The AG alleges that KuCoin allowed users in New York to trade certain cryptoassets – such as the TerraUSD stablecoin – without registering with the US Securities and Exchange Commission (SEC) or the Commodity Futures Trading Commission (CFTC), and that it also offered loan program – KuCoin Earn – without registration as a security with the state.
Most notably, the AG alleges that KuCoin’s offering of the crypto-asset Ether (ETH) constituted an offering of an unregistered security. The AG’s claim that ETH constitutes a security because it is a speculative asset comes amid a debate among federal regulators about whether ETH is in fact a security. The AG’s lawsuit requires KuCoin to implement geoblocking so that its services can no longer be accessed from New York. In September 2020, Elliptic wrote about the $280 million KuCoin hack by cybercriminals.
German regulators still do not see NFTs as securities
In Germany, regulators are less crazy when it comes to declaring crypto-asset securities. In an article published on March 8, German regulator BaFin discussed the potential classification of non-fungible tokens (NFTs). According to BaFin, the regulatory status of an NFT must be determined by its specific use and functions.
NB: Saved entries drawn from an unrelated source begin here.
Lemma green_bound eps a C M (eta : seqR d) : admissible eps a -> hyp_constant eps C ->
  weighted_bound eta M a -> weighted_bound (green eta) (green_const eps a C * M) (2 * eps + a).
Proof.
  intros Hadm HC Heta k. pose proof (rate_range eps a Hadm) as Hq.
  pose proof Hadm as [He [Ha _]]. pose proof (norm_const_ge1 d).
  set (K := C * C * M * exp ((2 * eps + a) * absZ k)).
  assert (HS := vseries_bound (stable_term eta k) K _ Hq
                  (stable_term_bound eps C a M eta HC ltac:(lra) ltac:(lra) Heta k)).
  assert (HU := vseries_bound (fun j => unstable_term eta k (S j)) K _ Hq
                  (unstable_term_bound_succ eps C a M eta HC ltac:(lra) ltac:(lra)
                     (Rlt_le _ _ (proj2 Hq)) Heta k)).
  assert (HK : 0 <= INR d * (K * / (1 - rate eps a))).
  { pose proof (weighted_bound_nonneg eta M a Heta). pose proof (proj1 HC).
    pose proof (exp_pos ((2 * eps + a) * absZ k)). pose proof (pos_INR d).
    assert (0 < / (1 - rate eps a)) by (apply Rinv_0_lt_compat; lra).
    unfold K. repeat apply Rmult_le_pos; nra. }
  unfold green. eapply Rle_trans; [apply vnorm_sub|].
  replace (green_const eps a C * M * exp ((2 * eps + a) * absZ k))
    with (norm_const d * (2 * (norm_const d * (INR d * (K * / (1 - rate eps a))))))
    by (unfold green_const, K; ring).
  apply Rmult_le_compat_l; [lra|]. nra.
Qed.

Lemma stable_term_succ (eta : seqR d) k j :
  stable_term eta k (S j) = mapply (DF (X (k - 1)%Z)) (stable_term eta (k - 1)%Z j).
Proof.
  unfold stable_term. replace (k - Z.of_nat (S j))%Z with (k - 1 - Z.of_nat j)%Z by lia.
  simpl Dfpow. replace (k - 1 - Z.of_nat j + Z.of_nat j)%Z with (k - 1)%Z by lia. reflexivity.
Qed.

Lemma unstable_term_pred (eta : seqR d) k j :
  mapply (DF (X (k - 1)%Z)) (unstable_term eta (k - 1)%Z (S j)) = unstable_term eta k j.
Proof.
  unfold unstable_term. replace (k - 1 + Z.of_nat (S j))%Z with (k + Z.of_nat j)%Z by lia.
  simpl Dfinvpow. replace (k + Z.of_nat j - Z.of_nat j)%Z with (k - 1 + 1)%Z by lia.
  apply inverse_along.
Qed.

(** Gamma^{-1} is a right inverse: the series telescope to P^s eta_k + P^u eta_k. *)
Lemma green_solves eps a C M (eta : seqR d) : admissible eps a -> hyp_constant eps C ->
  weighted_bound eta M a -> forall k, Gam (green eta) k = eta k.
Proof.
  intros Hadm HC Heta k. pose proof (rate_range eps a Hadm) as Hq. pose proof Hadm as [He [Ha _]].
  assert (Exs : forall k i, ex_series (fun j => stable_term eta k j i))
    by (intros k' i; apply (vseries_ex _ _ _ Hq
          (stable_term_bound eps C a M eta HC ltac:(lra) ltac:(lra) Heta k'))).
  assert (Exu : forall k i, ex_series (fun j => unstable_term eta k (S j) i))
    by (intros k' i; apply (vseries_ex _ _ _ Hq
          (unstable_term_bound_succ eps C a M eta HC ltac:(lra) ltac:(lra)
             (Rlt_le _ _ (proj2 Hq)) Heta k'))).
  assert (Exu0 : forall k i, ex_series (fun j => unstable_term eta k j i))
    by (intros k' i; apply ex_series_incr_1, Exu).
  unfold Gamma, green. rewrite mapply_sub, !mapply_vseries by auto.
  rewrite (vseries_ext (fun j => mapply (DF (X (k - 1)%Z)) (stable_term eta (k - 1)%Z j))
                       (fun j => stable_term eta k (S j)))
    by (intros; symmetry; apply stable_term_succ).
  rewrite (vseries_ext (fun j => mapply (DF (X (k - 1)%Z)) (unstable_term eta (k - 1)%Z (S j)))
                       (unstable_term eta k))
    by (intros; apply unstable_term_pred).
  rewrite (vseries_shift (stable_term eta k)), (vseries_shift (unstable_term eta k)) by auto.
  replace (stable_term eta k 0) with (ps k (eta k))
    by (unfold stable_term; simpl; replace (k - 0)%Z with k by lia; reflexivity).
  replace (unstable_term eta k 0) with (pu k (eta k))
    by (unfold unstable_term; simpl; replace (k + 0)%Z with k by lia; reflexivity).
  transitivity (vadd (ps k (eta k)) (pu k (eta k))); [vec_ring|symmetry; apply ps_pu].
Qed.

Lemma invariant_pred (E : Z -> vec d -> Prop) :
  (forall k v, E k v -> E (k + 1)%Z (mapply (DF (X k)) v)) ->
  forall k v, E (k - 1)%Z v -> E k (mapply (DF (X (k - 1)%Z)) v).
Proof. intros HE k v Hv. replace k with (k - 1 + 1)%Z at 1 by lia. auto. Qed.

(** Since the splitting is invariant, Gamma xi = eta splits into its stable
    and unstable components. *)
Lemma Gamma_components (xi eta : seqR d) k : Gam xi k = eta k ->
  ps k (eta k) = vsub (ps k (xi k)) (mapply (DF (X (k - 1)%Z)) (ps (k - 1)%Z (xi (k - 1)%Z))) /\
  pu k (eta k) = vsub (pu k (xi k)) (mapply (DF (X (k - 1)%Z)) (pu (k - 1)%Z (xi (k - 1)%Z))).
Proof.
  intros H. destruct (splitting k) as [Ss [Su _]].
  replace (eta k) with
    (vadd (vsub (ps k (xi k)) (mapply (DF (X (k - 1)%Z)) (ps (k - 1)%Z (xi (k - 1)%Z))))
          (vsub (pu k (xi k)) (mapply (DF (X (k - 1)%Z)) (pu (k - 1)%Z (xi (k - 1)%Z))))).
  - apply proj_of_sum.
    + apply subspace_sub; [auto|apply ps_in|apply (invariant_pred Es Es_invariant), ps_in].
    + apply subspace_sub; [auto|apply pu_in|apply (invariant_pred Eu Eu_invariant), pu_in].
  - rewrite <- H. unfold Gamma.
    rewrite (ps_pu k (xi k)) at 3. rewrite (ps_pu (k - 1)%Z (xi (k - 1)%Z)) at 3.
    rewrite mapply_add. vec_ring.
Qed.

Lemma stable_iterate (xi eta : seqR d) k : (forall k, Gam xi k = eta k) -> forall J,
  ps k (xi k) = vadd (vsum (stable_term eta k) J)
                     (Dfpow DF X J (k - Z.of_nat J) (ps (k - Z.of_nat J)%Z (xi (k - Z.of_nat J)%Z))).
Proof.
  intros HG J. induction J as [|J IH]; [simpl; replace (k - 0)%Z with k by lia; vec_ring|].
  rewrite IH. set (m := (k - Z.of_nat J)%Z).
  destruct (Gamma_components xi eta m (HG m)) as [Hs _].
  replace (ps m (xi m)) with (vadd (ps m (eta m)) (mapply (DF (X (m - 1)%Z)) (ps (m - 1)%Z (xi (m - 1)%Z))))
    by (rewrite Hs; vec_ring).
  rewrite Dfpow_add.
  replace (k - Z.of_nat (S J))%Z with (m - 1)%Z by (unfold m; lia).
  rewrite <- Dfpow_shift. replace (m - 1 + 1)%Z with m by lia.
  simpl vsum. change (stable_term eta k J) with (Dfpow DF X J m (ps m (eta m))). vec_ring.
Qed.

Lemma unstable_iterate (xi eta : seqR d) k : (forall k, Gam xi k = eta k) -> forall J,
  pu k (xi k) = vsub (Dfinvpow DG X J (k + Z.of_nat J) (pu (k + Z.of_nat J)%Z (xi (k + Z.of_nat J)%Z)))
                     (vsum (fun j => unstable_term eta k (S j)) J).
Proof.
  intros HG J. induction J as [|J IH]; [simpl; replace (k + 0)%Z with k by lia; vec_ring|].
  rewrite IH. set (m := (k + Z.of_nat J)%Z).
  destruct (Gamma_components xi eta (m + 1)%Z (HG (m + 1)%Z)) as [_ Hu].
  replace (m + 1 - 1)%Z with m in Hu by lia.
  replace (pu m (xi m))
    with (mapply (DG (X (m + 1)%Z)) (vsub (pu (m + 1)%Z (xi (m + 1)%Z)) (pu (m + 1)%Z (eta (m + 1)%Z)))).
  2:{ replace (vsub (pu (m + 1)%Z (xi (m + 1)%Z)) (pu (m + 1)%Z (eta (m + 1)%Z)))
        with (mapply (DF (X m)) (pu m (xi m))) by (rewrite Hu; vec_ring).
      apply inverse_along. }
  rewrite Dfinvpow_shift, Dfinvpow_sub.
  replace (m + 1)%Z with (k + Z.of_nat (S J))%Z by (unfold m; lia).
  simpl vsum. unfold unstable_term. vec_ring.
Qed.

(** A priori estimate: every tempered solution of Gamma xi = eta is dominated
    like the Green series; the remainders of the iterations decay like q^J. *)
Lemma stable_part_a_priori eps a C M M' (xi eta : seqR d) : admissible eps a -> hyp_constant eps C ->
  weighted_bound eta M a -> weighted_bound xi M' a -> (forall k, Gam xi k = eta k) -> forall k,
  vnorm (ps k (xi k)) <= norm_const d * (INR d * (C * C * M * exp ((2 * eps + a) * absZ k) * / (1 - rate eps a))).
Proof.
  intros Hadm HC Heta Hxi HG k. pose proof (rate_range eps a Hadm) as Hq. pose proof Hadm as [He [Ha _]].
  pose proof (norm_const_ge1 d). pose proof (proj1 HC). pose proof (weighted_bound_nonneg xi M' a Hxi).
  pose proof (exp_pos ((2 * eps + a) * absZ k)).
  set (R' := C * C * M' * exp ((2 * eps + a) * absZ k)).
  assert (HR : 0 <= R') by (unfold R'; repeat apply Rmult_le_pos; nra).
  apply (le_of_geometric_slack _ _ (norm_const d * R') (rate eps a)); [lra|nra|]. intros J.
  rewrite (stable_iterate xi eta k HG J). eapply Rle_trans; [apply vnorm_add|].
  pose proof (vsum_bound (stable_term eta k) _ _ J Hq
                (stable_term_bound eps C a M eta HC ltac:(lra) ltac:(lra) Heta k)).
  assert (vnorm (Dfpow DF X J (k - Z.of_nat J) (ps (k - Z.of_nat J)%Z (xi (k - Z.of_nat J)%Z)))
            <= R' * rate eps a ^ J)
    by exact (stable_term_bound eps C a M' xi HC ltac:(lra) ltac:(lra) Hxi k J).
  nra.
Qed.

Lemma unstable_part_a_priori eps a C M M' (xi eta : seqR d) : admissible eps a -> hyp_constant eps C ->
  weighted_bound eta M a -> weighted_bound xi M' a -> (forall k, Gam xi k = eta k) -> forall k,
  vnorm (pu k (xi k)) <= norm_const d * (INR d * (C * C * M * exp ((2 * eps + a) * absZ k) * / (1 - rate eps a))).
Proof.
  intros Hadm HC Heta Hxi HG k. pose proof (rate_range eps a Hadm) as Hq. pose proof Hadm as [He [Ha _]].
  pose proof (norm_const_ge1 d). pose proof (proj1 HC). pose proof (weighted_bound_nonneg xi M' a Hxi).
  pose proof (exp_pos ((2 * eps + a) * absZ k)).
  set (R' := C * C * M' * exp ((2 * eps + a) * absZ k)).
  assert (HR : 0 <= R') by (unfold R'; repeat apply Rmult_le_pos; nra).
  apply (le_of_geometric_slack _ _ (norm_const d * R') (rate eps a)); [lra|nra|]. intros J.
  rewrite (unstable_iterate xi eta k HG J). eapply Rle_trans; [apply vnorm_sub|].
  pose proof (vsum_bound (fun j => unstable_term eta k (S j)) _ _ J Hq
                (unstable_term_bound_succ eps C a M eta HC ltac:(lra) ltac:(lra)
                   (Rlt_le _ _ (proj2 Hq)) Heta k)).
  assert (vnorm (Dfinvpow DG X J (k + Z.of_nat J) (pu (k + Z.of_nat J)%Z (xi (k + Z.of_nat J)%Z)))
            <= R' * rate eps a ^ J)
    by exact (unstable_term_bound eps C a M' xi HC ltac:(lra) ltac:(lra) Hxi k J).
  nra.
Qed.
Any given NFT may be a security, investment, debit instrument or other type of financial product – but this can only be determined by looking at the facts and circumstances of each case. Although BaFin offers its opinion that to date it has not identified any NFTs that appear to be securities, it cannot rule out that at some stage there may be NFTs that meet the classification of securities. The article goes on to state that NFTs can pose a risk of fraud and money laundering.
To learn more about Germany’s approach to cryptoasset regulation, see our country guide to Germany.
Biden Administration Proposes 30% Bitcoin Mining Tax
As part of its fiscal 2024 budget, US President Joe Biden’s administration is proposing a large tax on bitcoin mining. The Biden administration reportedly plans to impose a 30% tax on proof-of-work mining activity in an effort to target the energy-intensive mining industry.
Biden’s budget also seeks to eliminate an exemption in the tax code that allows cryptocurrency traders to sell their assets at a loss, deduct the loss on their taxes, and then immediately buy back the same assets. By closing the so-called “wash sale rule”, cryptocurrencies will be put on an equal footing with stocks and other securities, where traders cannot buy back assets they sold at a loss for 30 days.
This is not the first set of contentious crypto-tax provisions under the Biden administration, which in late 2021 inserted provisions into a spending bill requiring crypto-trading entities to disclose information about their users for tax reporting purposes.